By Ryan Nelsen, Matthew Bennett, and Mahogani Counts
LSU Manship School News Service
BATON ROUGE—Voters in most parishes supported the legalization of sports gambling last Nov. 3, but it may be 2022 by the time bettors are legally allowed to wager in Louisiana on football and other games.
With 55 of the 64 parishes voting in favor of the proposal, legislators will use this spring’s session to set tax rates and create a plan for betting on sporting events.
The Louisiana Gaming Control Board will then create a regulatory model for gamblers and bet takers to use. Mike Noel, the chairman of board, said he expects the rules to be similar to ones that the board recently approved for fantasy sports betting.
Noel said the State Police’s gaming enforcement division will begin taking applications from fantasy sports operators after the rules are published on Feb. 20.
In 2018, voters in 47 parishes approved betting on daily fantasy games in which users create virtual rosters of real athletes and hope they record better statistics than the groups assembled by other players. The gaming board decided last year that it would levy an 8% tax on
the net revenue from fantasy gambling to help fund early childhood education. Louisiana was one of only seven states that did not allow fantasy sports betting in 2020.
Louisianans eager to bet on real sports hope that legislators and the board will not take as long as long to create the rules for betting on real sports. Sen. Ronnie Johns, R- Lake Charles, sponsored the bill that legalized sports betting, and he expects lawmakers to have a plan before the Legislature gathers in April for a two-month session.
“I will assure you that we will have an agreement between all parties before the legislature in April with the final proposal,” Johns said. “There is absolutely a lot of discussion going on right now, among all parties involved.”
As Louisiana struggles to finance its operations given the economic effects of COVID-19, sports gambling could provide the state with extra revenue and jobs. While a legislative fiscal note written in 2018 estimated fantasy sports betting would generate $375,000 in tax money in the first year, sports gambling could create more.

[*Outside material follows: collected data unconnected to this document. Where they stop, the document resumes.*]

Lemma pairwise_coprimep_dvdp (F : fieldType) (q : {poly F}) (g : nat -> {poly F}) :
  q != 0 -> (forall i j, i != j -> coprimep (g i) (g j)) -> (forall i, g i %| q) ->
  exists i, (size (g i) <= 1)%N.
Proof.
move=> q0 cop gq; apply/not_existsP => g_gt1.
have {}g_gt1 i : (1 < size (g i))%N by rewrite ltnNge; apply/negP/g_gt1.
have prod_dvd n : (\prod_(i < n) g i %| q) && (n < size (\prod_(i < n) g i)%R)%N.
  elim: n => [|n /andP[dvd_n size_n]]; first by rewrite big_ord0 dvd1p size_poly1.
  have cop_n : coprimep (\prod_(i < n) g i) (g n).
    apply: (big_ind (fun P => coprimep P (g n))) => [|P P'|i _]; first exact: coprime1p.
      by rewrite coprimepMl => -> ->.
    by apply: cop; rewrite neq_ltn ltn_ord.
  have prod_neq0 : \prod_(i < n) g i != 0 by rewrite -size_poly_gt0 (leq_ltn_trans _ size_n).
  have g_neq0 : g n != 0 by rewrite -size_poly_gt0 (ltn_trans _ (g_gt1 n)).
  rewrite big_ord_recr /= Gauss_dvdp // dvd_n gq size_mul //.
  by move: size_n (g_gt1 n); rewrite /=; set a := size _; set b := size _; lia.
have /andP[dvd_q size_q] := prod_dvd (size q).
by move: size_q; rewrite ltnNge dvdp_leq.
Qed.

Lemma exists_coprimep_subC (F : numFieldType) (p q : {poly F}) :
  q != 0 -> exists t : F, coprimep (p - t%:P) q.
Proof.
move=> q0; pose g i := gcdp (p - (i%:R : F)%:P) q.
have [i j ij|i|i size_g] := @pairwise_coprimep_dvdp _ q g q0.
- apply: (coprimep_dvdl (dvdp_gcdl _ _)); apply: (coprimep_dvdr (dvdp_gcdl _ _)).
  by apply: coprimep_subC; rewrite eqr_nat.
- exact: dvdp_gcdr.
- exists i%:R; rewrite coprimep_def eqn_leq size_g size_poly_gt0 gcdp_eq0.
  by rewrite negb_and q0 orbT.
Qed.

Section DerivativeCharZero.
Variables (A : idomainType) (p : {poly A}).
Hypothesis pchar0 : [pchar A] =i pred0.

Lemma size_deriv_pchar0 : size p^`() = (size p).-1.
Proof.
have [size_le1|size_gt1] := leqP (size p) 1.
  by rewrite [p]size1_polyC // derivC size_poly0 size_polyC; case: (_ != 0).
rewrite size_poly_eq //.
have -> : (size p).-2.+1 = (size p).-1 by case: (size p) size_gt1 => [|[]].
rewrite -mulr_natl mulf_eq0 negb_or (pcharf0P _).1 // -lead_coefE.
by rewrite lead_coef_eq0 -size_poly_gt0; case: (size p) size_gt1 => [|[]].
Qed.

Lemma lead_coef_deriv_pchar0 : lead_coef p^`() = lead_coef p *+ (size p).-1.
Proof.
have [size_le1|size_gt1] := leqP (size p) 1.
  by rewrite [p]size1_polyC // derivC lead_coef0 size_polyC; case: (_ != 0).
rewrite lead_coefE size_deriv_pchar0 coef_deriv lead_coefE.
by case: (size p) size_gt1 => [|[|n]].
Qed.

End DerivativeCharZero.

Section CriticalResultant.
Variable F : numFieldType.
Implicit Types f : {poly {poly F}}.

Local Notation eval_xt x t := (horner_eval t \o map_poly (horner_eval x)).

Lemma eval_xt_liftC f x t :
  map_poly (eval_xt x t) (map_poly polyC f) = map_poly (horner_eval x) f.
Proof.
rewrite -map_poly_comp; apply: eq_map_poly => c /=.
by rewrite map_polyC /= horner_evalE hornerC.
Qed.

Lemma eval_xt_liftC_subX f x t :
  map_poly (eval_xt x t) (map_poly polyC f - ('X)%:P) =
  map_poly (horner_eval x) f - t%:P.
Proof.
by rewrite rmorphB /= eval_xt_liftC map_polyC /= map_polyX horner_evalE hornerX.
Qed.

Lemma eval_xt_liftC_deriv f x t :
  map_poly (eval_xt x t) (map_poly polyC f)^`() = (map_poly (horner_eval x) f)^`().
Proof. by rewrite deriv_map eval_xt_liftC deriv_map. Qed.

(* The resultant in y of f(x, y) - t and d f/dy (x, y), a polynomial in t
   with coefficients in F[x]. *)
Definition critical_resultant f : {poly {poly F}} :=
  resultant (map_poly polyC f - ('X)%:P) (map_poly polyC f)^`().

Variable f : {poly {poly F}}.
Hypothesis size_f : (2 < size f)%N.

Let pchar0_poly : [pchar {poly F}] =i pred0.
Proof. by move=> n; rewrite pchar_poly pchar_num. Qed.

Let size_liftC_subX : size (map_poly polyC f - ('X)%:P) = size f.
Proof.
rewrite size_polyDl size_map_polyC // size_polyN.
by rewrite (leq_ltn_trans (size_polyC_leq1 _)) // (ltn_trans _ size_f).
Qed.

Let size_liftC_deriv : size (map_poly polyC f)^`() = (size f).-1.
Proof. by rewrite deriv_map size_map_polyC size_deriv_pchar0. Qed.

Lemma critical_resultant_root x y :
  (map_poly (horner_eval x) f)^`().[y] = 0 ->
  (map_poly (horner_eval x) (critical_resultant f)).[(map_poly (horner_eval x) f).[y]] = 0.
Proof.
move=> crit_y; set t := (map_poly (horner_eval x) f).[y].
have [||[u v] _ /= bezout] :=
  @resultant_in_ideal _ (map_poly polyC f - ('X)%:P) (map_poly polyC f)^`().
- by rewrite size_liftC_subX (ltn_trans _ size_f).
- by rewrite size_liftC_deriv; case: (size f) size_f => [|[|[]]].
have := congr1 (fun P => (map_poly (eval_xt x t) P).[y]) bezout.
rewrite /= map_polyC hornerC rmorphD !rmorphM /= hornerD !hornerM.
rewrite eval_xt_liftC_subX eval_xt_liftC_deriv crit_y hornerD hornerN hornerC subrr.
by rewrite !mulr0 addr0.
Qed.

Lemma critical_resultant_neq0 x : (lead_coef f).[x] != 0 -> critical_resultant f != 0.
Proof.
move=> lead_x; pose fx := map_poly (horner_eval x) f.
have size_fx : size fx = size f by rewrite size_map_poly_id0.
have lead_deriv_x : (lead_coef f^`()).[x] != 0.
  rewrite lead_coef_deriv_pchar0 // -horner_evalE rmorphMn /= mulrn_eq0 negb_or lead_x.
  by case: (size f) size_f => [|[|[]]].
have dfx_neq0 : fx^`() != 0.
  rewrite -size_poly_gt0 size_deriv_pchar0; last exact: pchar_num.
  by rewrite size_fx; case: (size f) size_f => [|[|[]]].
(* Specialising at [x] and at a non-critical value [t] gives a nonzero resultant. *)
have [t cop_t] := @exists_coprimep_subC _ fx _ dfx_neq0.
apply: contraTneq cop_t => res0.
have := @map_resultant _ _ (horner_eval t \o map_poly (horner_eval x))
  (map_poly polyC f - ('X)%:P) (map_poly polyC f)^`().
rewrite -/(critical_resultant f) res0 rmorph0 eval_xt_liftC_subX eval_xt_liftC_deriv.
rewrite lead_coefDl ?size_map_polyC ?size_polyN; last first.
  by rewrite (leq_ltn_trans (size_polyC_leq1 _)) // (ltn_trans _ size_f).
rewrite deriv_map !lead_coef_map_inj; try exact: polyC_inj.
rewrite /= !map_polyC /= !horner_evalE !hornerC => /(_ lead_x lead_deriv_x) /esym/eqP.
by rewrite resultant_eq0 coprimep_def -/fx => /gtn_eqF ->.
Qed.

End CriticalResultant.

Lemma split_roots (F : fieldType) (c : {poly F}) (s : seq F) : c != 0 ->
  exists (Q W : {poly F}) (E : nat), [/\ c = Q * W,
    forall z, z \in s -> W.[z] != 0 & Q %| (\prod_(z <- s) ('X - z%:P)) ^+ E].
Proof.
move=> c0; elim: s => [|a s [Q [W [E [cQW W_s Q_dvd]]]]].
  by exists 1, c, 0%N; rewrite mul1r dvd1p.
have W0 : W != 0 by apply: contraNneq c0 => W0; rewrite cQW W0 mulr0.
have [m [W' W'a EW]] := multiplicity_XsubC W a; rewrite W0 /= in W'a.
exists (Q * ('X - a%:P) ^+ m), W', (E + m)%N; split.
- by rewrite cQW EW mulrA mulrAC.
- move=> z; rewrite in_cons => /orP[/eqP -> //|zs].
  by apply: contraNneq (W_s z zs) => W'z; rewrite EW hornerM W'z mul0r.
- rewrite big_cons exprMn mulrC; apply: dvdp_mul; first exact: dvdp_exp2l (leq_addl _ _).
  by apply: dvdp_trans Q_dvd (dvdp_exp2l _ (leq_addr _ _)).
Qed.

Lemma norm_coef0_le_root (R : numDomainType) (r : {poly R}) (n : nat) (m : R) :
  (size r <= n)%N -> 0 <= m <= 1 -> r.[m] = 0 ->
  `|r`_0| <= m * \sum_(i < n) `|r`_i|.
Proof.
case: n => [|n] size_r /andP[m0 m1].
  by move: size_r; rewrite leqn0 size_poly_eq0 => /eqP->; rewrite coef0 normr0 big_ord0 mulr0.
rewrite (horner_coef_wide _ size_r) !big_ord_recl /= expr0 mulr1 => /eqP.
rewrite addr_eq0 => /eqP ->; rewrite normrN mulrDr.
apply: le_trans (ler_norm_sum _ _ _) _; rewrite -[leLHS]add0r.
apply: lerD; first by rewrite mulr_ge0.
rewrite mulr_sumr; apply: ler_sum => i _.
rewrite normrM normrX (ger0_norm m0) mulrC ler_wpM2r // /bump /= add1n exprS.
by rewrite ler_piMr // exprn_ile1.
Qed.

Local Open Scope classical_set_scope.

Section CompactBounds.
Variables (T : topologicalType) (R : realType) (K : set T) (g : T -> R).
Hypotheses (compactK : compact K) (cont_g : continuous g).

Lemma compact_ub : exists2 B, 0 < B & forall x, K x -> g x <= B.
Proof.
have [[x0 Kx0]|K0] := pselect (K !=set0); last by exists 1 => // x Kx; case: K0; exists x.
have [c _ max_c] := compact_EVT_max (ex_intro _ x0 Kx0) compactK (continuous_subspaceT cont_g).
exists (`|g c| + 1) => [|x Kx]; first by rewrite ltr_wpDl.
by apply: le_trans (max_c x _) _; rewrite ?inE // (le_trans (ler_norm _)) // lerDl.
Qed.

Lemma compact_pos_lb : (forall x, K x -> 0 < g x) -> exists2 c, 0 < c & forall x, K x -> c <= g x.
Proof.
move=> g_gt0.
have [[x0 Kx0]|K0] := pselect (K !=set0); last by exists 1 => // x Kx; case: K0; exists x.
have [c Kc min_c] := compact_EVT_min (ex_intro _ x0 Kx0) compactK (continuous_subspaceT cont_g).
by exists (g c) => [|x Kx]; [apply: g_gt0; rewrite -inE|apply: min_c; rewrite inE].
Qed.

End CompactBounds.

Lemma compact_inU (R : realType) (k : nat) (a b : nat -> R) : compact [set x | inU k a b x].
Proof.
elim: k => [|k IH].
  by rewrite (_ : [set x | _] = set0); [exact: compact0|apply/seteqP; split=> x // [i]].
rewrite (_ : [set x | _] = [set x | inU k a b x] `|` `[a k, b k]).
  exact: compactU IH (@segment_compact _ _ _).
apply/seteqP; split => x /=.
- case => i; rewrite ltnS leq_eqVlt => /orP[/eqP -> abx|ik abx]; last by left; exists i.
  by right; rewrite /= in_itv.
- case => [[i ik abx]|]; first by exists i => //; exact: ltnW.
  by rewrite /= in_itv => abx; exists k.
Qed.

Lemma continuous_comp_fst (R : realType) (g : R -> R) :
  continuous g -> continuous (fun z : R * R => g z.1).
Proof. by move=> cont_g z; apply: (continuous_comp (f := fst)); [exact: cvg_fst|exact: cont_g]. Qed.

Lemma eval2E (R : realType) (f : {poly {poly R}}) x y :
  eval2 f x y = (map_poly (horner_eval x) f).[y].
Proof. by []. Qed.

One key decision will be whether to allow online gambling or limit betting to in-person gambling on casino grounds. If the legislators approve online gaming, the gaming board will have to set up geolocation borders, technology that would keep the apps from working in the nine parishes that did not approve the betting.
“I’ve personally looked at the mechanism of geofencing, and it’s a very safe way of regulating gaming and betting,” Johns said. “The technology has been proven in many other states.”
In the two-and-a-half years since the U.S. Supreme Court struck down a 1992 ruling against state-authorized sports gambling, 20 states have legalized sports betting. Louisiana and five other states have passed legislation and are working toward taking their first bet.
Several states have had trouble opening books and trying to find the sweet spot of private, tribal and state-run gambling networks to earn tax revenue. There are success stories like Pennsylvania, which has earned more than $99 million in tax money since November 2018, according to Play Pennsylvania. But states like Delaware have had more modest success. It opened three retail sportsbooks and made $8 million in tax revenue in 2020.
Mississippi, which passed in-person betting in 2018, took in over $5.25 million in 2020 by taxing sports bets. This occurred over a 10-month period as the state closed its casinos in the spring due to the spread of COVID-19. An attempt to expand to online gambling in Mississippi died in a legislative committee.
Mississippi taxes casinos 12% for operating a sports book, and 4% of the money goes to local governments. In 2020, Mississippi also saw increases in tourism in towns with casinos and a $50 million increase in total revenue at its coastal casinos from two years earlier.
Ten states have opened online gambling to multiple providers, the two most notable being DraftKings and FanDuel, which allow users to play fantasy games and place bets. In December, CQ Holdings, a company that partners with DraftKings at a casino in Illinois, reached an agreement to buy the Belle of Baton Rouge riverboat casino.
The early returns in other states have been mixed. The Oregon Lottery created a one-app system named Scoreboard, which allows bettors to place bets anywhere in the state. However, the app came at a steep initial cost. Matt Shelby, a representative for the Oregon Lottery, said the state is in the black after accruing over $20 million in tax revenue since October 2019.
While there is a way to go regarding specifications for Louisiana’s platforms for bettors, Sen. Johns said the Legislature knows that taxation will look a lot different than it does for the state lottery and casinos.
“We tax the 15 riverboat licenses and the land-based casinos a 21 percent tax,” Johns said. “Sports betting won’t be taxed at that rate. We have to be very careful in not overtaxing sports betting because, if you do so, you’re going to severely limit the number of entities around the state that would be willing to inject into the sports betting business.”
But for now, any Louisiana citizens who are looking to gamble on upcoming 2021 sporting events: no dice. The luck may be better in 2022.